At present there is much talk that technology is favouring size and as such corporates or versions of corporates will start growing at speed. That amalgamation will become the norm and many GPs will need to accept working in a corporate environment.
But universal availability of technology like this may act to even the playing field rather than concentrate it. Groups of likeminded and entrepreneurial GPs may be able to get together to be able to compete in some way with the corporates via forming alliances or co-ops. Or small groups will be able to offer servicing that matches that of a slower moving corporate.
All in all, it’s hard to see these changes as bad for the GP sector, especially given that if you’re a Medical Director user you have a new owner who wholly recognises they’ve bought a company with a pricing, servicing and imaging problem, and initially at least, are all ears.
All that is needed for this picture to be possible is the federal government to step up with its starting gun and put in place its mandate on interoperability and standards.

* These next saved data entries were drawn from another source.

Lemma int_coset_reps_unimodular m (L D R : 'M[int]_m) s :
  L \in unitmx -> R \in unitmx -> int_coset_reps D s ->
  int_coset_reps (L *m D *m R) [seq v *m R | v <- s].
Proof.
move=> L_unit R_unit [incongr cover]; rewrite /int_coset_reps size_map; split.
- move=> i j i_lt j_lt ij; rewrite !(nth_map 0) // -mulmxBl.
  by rewrite int_rowspan_unimodular //; apply: incongr.
- move=> x; have [i i_lt span_i] := cover (x *m invmx R).
  exists i => //; rewrite (nth_map 0) // -[x](mulmxKV R_unit) -mulmxBl.
  by rewrite int_rowspan_unimodular.
Qed.

Lemma unimodular_abs_det m (L : 'M[int]_m) : L \in unitmx -> `|\det L|%N = 1%N.
Proof. by rewrite unitmxE => /orP[] /eqP ->. Qed.

Lemma int_coset_reps_det m (A : 'M[int]_m) : \det A != 0 ->
  exists2 s, size s = `|\det A|%N & int_coset_reps A s.
Proof.
have [L L_unit [R R_unit [d _ ->]]] := int_Smith_normal_form A.
set D := \matrix_(i, j) _.
have -> : D = diag_mx (\row_i d`_i) by apply/matrixP => i j; rewrite !mxE.
rewrite !det_mulmx det_diag => det_neq0.
have [|s size_s reps] := @diag_int_coset_reps m (\row_i d`_i).
  move=> i; apply: contra_neq det_neq0; rewrite mxE => di0.
  by rewrite (bigD1 i) //= mxE di0 !(mul0r, mulr0).
exists [seq v *m R | v <- s]; last exact: int_coset_reps_unimodular.
rewrite size_map size_s !abszM !unimodular_abs_det // mul1n muln1.
rewrite (big_morph absz (@abszM) (erefl : `|1|%N = 1%N)).
by apply: eq_bigr => i _; rewrite mxE.
Qed.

That’s not an easy thing for any government group to do. But it’s the only thing they can do under the circumstances. Anything less will doom us to slipping and sliding around for the next five years around cloud and interoperability like we have for the past five years.

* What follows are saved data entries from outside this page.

(* Let $i=\sqrt{-1}$, let $\alpha>0$, and let $\lambda\in\mathbb C$ satisfy $\Im\lambda\notin\{\alpha,-\alpha\}$. Define $u_0=\alpha i+\lambda$, $w_0=\alpha i-\lambda$, and for $h=0,1,\dots$ $$u_{h+1}=\tfrac12\left(u_h-1/u_h\right),\qquad w_{h+1}=\tfrac12\left(w_h-1/w_h\right).$$ Then all $u_h,w_h$ are well defined and nonzero, and $$\lim_{h\to\infty}(u_h+w_h)=\begin{cases}2i,& |\Im\lambda|<\alpha,\\ 0,& |\Im\lambda|>\alpha.\end{cases}$$ *)

From Stdlib Require Import Reals.
Open Scope R_scope.

Definition Cplx : Type := (R * R)%type.
Definition Re (z : Cplx) : R := fst z.
Definition Im (z : Cplx) : R := snd z.
Definition C0 : Cplx := (0, 0).
Definition C1 : Cplx := (1, 0).
Definition Ci : Cplx := (0, 1).
Definition RtoC (r : R) : Cplx := (r, 0).
Definition Cadd (z w : Cplx) : Cplx := (Re z + Re w, Im z + Im w).
Definition Copp (z : Cplx) : Cplx := (- Re z, - Im z).
Definition Csub (z w : Cplx) : Cplx := Cadd z (Copp w).
Definition Cmul (z w : Cplx) : Cplx :=
  (Re z * Re w - Im z * Im w, Re z * Im w + Im z * Re w).
(* usual complex inverse; total (gives 0 at 0 since Rinv 0 = 0) *)
Definition Cinv (z : Cplx) : Cplx :=
  (Re z / (Re z ^ 2 + Im z ^ 2), - Im z / (Re z ^ 2 + Im z ^ 2)).
Definition Cdiv (z w : Cplx) : Cplx := Cmul z (Cinv w).
Definition Cmod (z : Cplx) : R := sqrt (Re z ^ 2 + Im z ^ 2).

Definition Ccv (s : nat -> Cplx) (l : Cplx) : Prop :=
  forall eps : R, eps > 0 ->
    exists N : nat, forall n : nat, (n >= N)%nat -> Cmod (Csub (s n) l) < eps.

Definition step (z : Cplx) : Cplx := Cmul (RtoC (/ 2)) (Csub z (Cinv z)).
Fixpoint iter_seq (z0 : Cplx) (h : nat) : Cplx :=
  match h with
  | O => z0
  | S h' => step (iter_seq z0 h')
  end.

Definition u_seq (alpha : R) (lam : Cplx) : nat -> Cplx :=
  iter_seq (Cadd (Cmul (RtoC alpha) Ci) lam).
Definition w_seq (alpha : R) (lam : Cplx) : nat -> Cplx :=
  iter_seq (Csub (Cmul (RtoC alpha) Ci) lam).

(** The map [z |-> (z - 1/z)/2] is Newton's method for [z^2 + 1 = 0]. Writing
    [d z c = |z - c i|^2], one has [4 |z|^2 d (step z) s = (d z s)^2] for both roots
    [s = 1] and [s = -1], so the ratio [d z s / d z (-s)] is squared by every step.
    Each open half-plane [0 < s Im z] is invariant, and there the ratio lies in [[0, 1)],
    hence tends to [0]: the iterates converge to the root [s i] of their half-plane.
    Now [u_0] and [w_0] have imaginary parts [alpha + Im lambda] and [alpha - Im lambda];
    both are positive when [|Im lambda| < alpha], and they have opposite signs when
    [|Im lambda| > alpha]. *)

From Stdlib Require Import Reals Lra Lia.
From Coquelicot Require Complex.
Open Scope R_scope.

Definition Cnorm2 (z : Cplx) : R := Re z ^ 2 + Im z ^ 2.

Definition dist2_i (z : Cplx) (c : R) : R := Cnorm2 (Csub z (0, c)).

Lemma Cnorm2_ge0 (z : Cplx) : 0 <= Cnorm2 z.
Proof. unfold Cnorm2; pose proof (pow2_ge_0 (Re z)); pose proof (pow2_ge_0 (Im z)); lra. Qed.

Lemma Cnorm2_pos (z : Cplx) : Im z <> 0 -> 0 < Cnorm2 z.
Proof.
  intros Hy; unfold Cnorm2.
  pose proof (pow2_ge_0 (Re z)); pose proof (Rsqr_pos_lt _ Hy); unfold Rsqr in *; nra.
Qed.

Lemma ratio_in_unit (a b : R) : 0 <= a < b -> 0 <= a / b < 1.
Proof.
  intros Hab; split.
  - apply Rmult_le_pos; [lra | left; apply Rinv_0_lt_compat; lra].
  - apply (Rmult_lt_reg_r b); [lra|]; unfold Rdiv.
    rewrite Rmult_assoc, Rinv_l, Rmult_1_r, Rmult_1_l; lra.
Qed.

Lemma Ccv_add (a b : nat -> Cplx) (l m : Cplx) :
  Ccv a l -> Ccv b m -> Ccv (fun n => Cadd (a n) (b n)) (Cadd l m).
Proof.
  intros Ha Hb eps Heps.
  destruct (Ha (eps / 2)) as [Na HNa]; [lra|].
  destruct (Hb (eps / 2)) as [Nb HNb]; [lra|].
  exists (Nat.max Na Nb); intros n Hn.
  replace (Csub (Cadd (a n) (b n)) (Cadd l m)) with (Cadd (Csub (a n) l) (Csub (b n) m))
    by (destruct (a n), (b n), l, m; unfold Csub, Cadd, Copp, Re, Im; simpl; f_equal; ring).
  assert (Htri : Cmod (Cadd (Csub (a n) l) (Csub (b n) m))
                 <= Cmod (Csub (a n) l) + Cmod (Csub (b n) m))
    by exact (Complex.Cmod_triangle (Csub (a n) l) (Csub (b n) m)).
  specialize (HNa n ltac:(lia)); specialize (HNb n ltac:(lia)); lra.
Qed.

Lemma Ccv_of_norm2_cv0 (a : nat -> Cplx) (l : Cplx) :
  Un_cv (fun n => Cnorm2 (Csub (a n) l)) 0 -> Ccv a l.
Proof.
  intros Hcv eps Heps.
  destruct (Hcv (eps ^ 2)) as [N HN]; [apply pow_lt; lra|].
  exists N; intros n Hn; specialize (HN n Hn).
  unfold R_dist in HN; rewrite Rminus_0_r, Rabs_pos_eq in HN by apply Cnorm2_ge0.
  unfold Cmod; rewrite <- (sqrt_pow2 eps) by lra.
  apply sqrt_lt_1_alt; split; [apply Cnorm2_ge0 | exact HN].
Qed.

Lemma Un_cv_squaring (r : nat -> R) :
  0 <= r O < 1 -> (forall n, r (S n) = r n ^ 2) -> Un_cv r 0.
Proof.
  intros Hr0 Hrec.
  assert (Hbound : forall n, 0 <= r n <= r O /\ r n <= r O ^ S n).
  { induction n as [|n IH]; [simpl; lra|].
    rewrite Hrec, <- (tech_pow_Rmult _ (S n)); simpl (r n ^ 2); nra. }
  intros eps Heps.
  destruct (pow_lt_1_zero (r O) ltac:(rewrite Rabs_pos_eq; lra) eps Heps) as [N HN].
  exists N; intros n Hn.
  specialize (HN (S n) ltac:(lia)); specialize (Hbound n).
  rewrite Rabs_pos_eq in HN by (apply pow_le; lra).
  unfold R_dist; rewrite Rminus_0_r, Rabs_pos_eq; lra.
Qed.

Lemma Im_step (z : Cplx) :
  Im z <> 0 -> Im (step z) = Im z * (Cnorm2 z + 1) / (2 * Cnorm2 z).
Proof.
  intros Hy; pose proof (Cnorm2_pos z Hy).
  destruct z as [x y]; unfold Cnorm2 in *;
    unfold step, Cmul, Csub, Cadd, Copp, Cinv, RtoC, Re, Im in *; simpl in *.
  field; lra.
Qed.

Lemma step_half_plane (s : R) (z : Cplx) : 0 < s * Im z -> 0 < s * Im (step z).
Proof.
  intros H.
  assert (Hy : Im z <> 0) by (intro E; rewrite E in H; lra).
  pose proof (Cnorm2_pos z Hy).
  rewrite Im_step by exact Hy.
  replace (s * (Im z * (Cnorm2 z + 1) / (2 * Cnorm2 z)))
    with (s * Im z * ((Cnorm2 z + 1) / (2 * Cnorm2 z))) by (field; lra).
  apply Rmult_lt_0_compat; [exact H | apply Rdiv_lt_0_compat; lra].
Qed.

Lemma iter_seq_half_plane (s : R) (z0 : Cplx) (n : nat) :
  0 < s * Im z0 -> 0 < s * Im (iter_seq z0 n).
Proof. intros H; induction n; simpl; [exact H | now apply step_half_plane]. Qed.

Lemma iter_seq_neq0 (z0 : Cplx) (n : nat) : Im z0 <> 0 -> iter_seq z0 n <> C0.
Proof.
  intros Hy E.
  pose proof (iter_seq_half_plane (Im z0) z0 n (Rsqr_pos_lt _ Hy)) as Hhalf.
  rewrite E in Hhalf; unfold C0, Im in Hhalf; simpl in Hhalf; lra.
Qed.

Lemma dist2_i_step (s : R) (z : Cplx) : (s = 1 \/ s = -1) -> Im z <> 0 ->
  dist2_i (step z) s * (4 * Cnorm2 z) = dist2_i z s ^ 2.
Proof.
  intros Hs Hy; pose proof (Cnorm2_pos z Hy).
  destruct z as [x y]; unfold dist2_i, Cnorm2 in *;
    unfold step, Cmul, Csub, Cadd, Copp, Cinv, RtoC, Re, Im in *; simpl in *.
  destruct Hs as [-> | ->]; field; lra.
Qed.

Lemma dist2_i_opposite_pos (s : R) (z : Cplx) : 0 < s * Im z -> 0 < dist2_i z (- s).
Proof.
  intros H; unfold dist2_i, Cnorm2, Csub, Cadd, Copp, Re, Im in *; cbn [fst snd] in *.
  pose proof (pow2_ge_0 (fst z + - 0)); pose proof (pow2_ge_0 (snd z - s)); nra.
Qed.

Lemma dist2_i_lt_opposite (s : R) (z : Cplx) : 0 < s * Im z -> dist2_i z s < dist2_i z (- s).
Proof. intros H; unfold dist2_i, Cnorm2, Csub, Cadd, Copp, Re, Im in *; cbn [fst snd] in *; nra. Qed.

Lemma dist2_i_opposite_le (s : R) (z : Cplx) :
  dist2_i z (- s) <= 2 * dist2_i z s + 8 * s ^ 2.
Proof.
  unfold dist2_i, Cnorm2, Csub, Cadd, Copp, Re, Im in *; cbn [fst snd] in *.
  pose proof (pow2_ge_0 (fst z + - 0)); pose proof (pow2_ge_0 (snd z - 3 * s)); nra.
Qed.

Lemma dist2_i_ratio_step (s : R) (z : Cplx) : (s = 1 \/ s = -1) -> 0 < s * Im z ->
  dist2_i (step z) s / dist2_i (step z) (- s) = (dist2_i z s / dist2_i z (- s)) ^ 2.
Proof.
  intros Hs H.
  assert (Hy : Im z <> 0) by (intro E; rewrite E in H; lra).
  assert (Hs' : - s = 1 \/ - s = -1) by lra.
  pose proof (Cnorm2_pos z Hy).
  pose proof (dist2_i_opposite_pos s z H).
  assert (Hnear : dist2_i (step z) s = dist2_i z s ^ 2 / (4 * Cnorm2 z)).
  { rewrite <- (dist2_i_step s z Hs Hy); field; lra. }
  assert (Hfar : dist2_i (step z) (- s) = dist2_i z (- s) ^ 2 / (4 * Cnorm2 z)).
  { rewrite <- (dist2_i_step (- s) z Hs' Hy); field; lra. }
  rewrite Hnear, Hfar; field; lra.
Qed.

Lemma iter_seq_cv_root (s : R) (z0 : Cplx) : (s = 1 \/ s = -1) -> 0 < s * Im z0 ->
  Ccv (iter_seq z0) (0, s).
Proof.
  intros Hs H.
  set (d n := dist2_i (iter_seq z0 n) s).
  set (D n := dist2_i (iter_seq z0 n) (- s)).
  assert (Hhalf : forall n, 0 < s * Im (iter_seq z0 n))
    by (intro n; now apply iter_seq_half_plane).
  assert (HD : forall n, 0 < D n) by (intro n; apply dist2_i_opposite_pos, Hhalf).
  set (r n := d n / D n).
  assert (Hunit : forall n, 0 <= r n < 1).
  { intro n; apply ratio_in_unit; split;
      [apply Cnorm2_ge0 | apply dist2_i_lt_opposite, Hhalf]. }
  assert (Hratio : Un_cv r 0).
  { apply Un_cv_squaring; [apply Hunit|].
    intro n; now apply dist2_i_ratio_step. }
  apply Ccv_of_norm2_cv0; change (Un_cv d 0).
  intros eps Heps.
  destruct (Hratio (Rmin (1 / 4) (eps / 16))) as [N HN]; [apply Rmin_pos; lra|].
  exists N; intros n Hn; specialize (HN n Hn).
  unfold R_dist in *; rewrite !Rminus_0_r in *.
  assert (Hd : 0 <= d n) by apply Cnorm2_ge0.
  rewrite Rabs_pos_eq in HN by apply Hunit; rewrite Rabs_pos_eq by exact Hd.
  assert (Hnear : d n = r n * D n) by (pose proof (HD n); unfold r; field; lra).
  assert (Hfar : D n <= 2 * d n + 8).
  { pose proof (dist2_i_opposite_le s (iter_seq z0 n)) as Hle.
    replace 8 with (8 * s ^ 2) by (destruct Hs as [-> | ->]; ring); exact Hle. }
  (* [d <= r (2 d + 8)] with [r <= 1/4] gives [d <= 16 r]. *)
  pose proof (Rmin_l (1 / 4) (eps / 16)); pose proof (Rmin_r (1 / 4) (eps / 16)).
  pose proof (Hunit n); nra.
Qed.

Lemma Im_u0 (alpha : R) (lam : Cplx) :
  Im (Cadd (Cmul (RtoC alpha) Ci) lam) = alpha + Im lam.
Proof. unfold Cadd, Cmul, RtoC, Ci, Re, Im; cbn [fst snd]; ring. Qed.

Lemma Im_w0 (alpha : R) (lam : Cplx) :
  Im (Csub (Cmul (RtoC alpha) Ci) lam) = alpha - Im lam.
Proof. unfold Csub, Cadd, Copp, Cmul, RtoC, Ci, Re, Im; cbn [fst snd]; ring. Qed.

Theorem mainTheorem5 (alpha : R) (lam : Cplx) :
  0 < alpha -> Im lam <> alpha -> Im lam <> - alpha ->
  (forall h : nat, u_seq alpha lam h <> C0 /\ w_seq alpha lam h <> C0) /\
  (Rabs (Im lam) < alpha ->
     Ccv (fun h => Cadd (u_seq alpha lam h) (w_seq alpha lam h))
         (Cmul (RtoC 2) Ci)) /\
  (alpha < Rabs (Im lam) ->
     Ccv (fun h => Cadd (u_seq alpha lam h) (w_seq alpha lam h)) C0).
Proof.
  intros Halpha Hne_p Hne_m.
  pose proof (Im_u0 alpha lam) as Hu; pose proof (Im_w0 alpha lam) as Hw.
  assert (Hup : forall z0, 0 < Im z0 -> Ccv (iter_seq z0) (0, 1)).
  { intros z0 Hz; apply iter_seq_cv_root; [left; reflexivity | lra]. }
  assert (Hdown : forall z0, Im z0 < 0 -> Ccv (iter_seq z0) (0, -1)).
  { intros z0 Hz; apply iter_seq_cv_root; [right; reflexivity | lra]. }
  unfold u_seq, w_seq; split; [|split].
  - intro h; split; apply iter_seq_neq0; lra.
  - intros Hlt%Rabs_def2.
    replace (Cmul (RtoC 2) Ci) with (Cadd (0, 1) (0, 1))
      by (unfold Cadd, Cmul, RtoC, Ci, Re, Im; cbn [fst snd]; f_equal; ring).
    apply Ccv_add; apply Hup; lra.
  - intros Hgt.
    destruct (Rle_or_lt 0 (Im lam)) as [Hpos | Hneg].
    + rewrite Rabs_pos_eq in Hgt by exact Hpos.
      replace C0 with (Cadd (0, 1) (0, -1))
        by (unfold Cadd, C0, Re, Im; cbn [fst snd]; f_equal; ring).
      apply Ccv_add; [apply Hup | apply Hdown]; lra.
    + rewrite Rabs_left in Hgt by exact Hneg.
      replace C0 with (Cadd (0, -1) (0, 1))
        by (unfold Cadd, C0, Re, Im; cbn [fst snd]; f_equal; ring).
      apply Ccv_add; [apply Hdown | apply Hup]; lra.
Qed.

It’s not like the vendor market has any political clout, and it should be all upside for doctors, so although it’s going to be unpopular with providers and vendors to start, we all know it’s for the greater good.
Last word, surely this makes Telstra Health our first digital health unicorn in Australia (valuation of $1 billion or more).
Add PowerHealth’s $120 million to Medical Director’s $350 million and you’re halfway there. Now, add a decent amount extra for synergy implied in this acquisition for all the other Telstra assets, and the $120 million or so that all the other assets generate.
I think they’re there … today at least. If they are able to execute even a half of their bold vision here, all of which still has a high degree of difficulty, they are going to easily double that in a few years’ time.
In the meantime, the sale must have automatically revalued a lot of other interesting properties in the digital health market.
Some to keep an eye on include Best Practice, Gentu, Alcidion, CareMonitor, coreplus, HotDoc, HealthEngine, Clinic to Cloud, MedAdvisor and MediRecords, to name a few.
Declaration of Interest: The author is a non-executive director of the cloud patient management system MediRecords.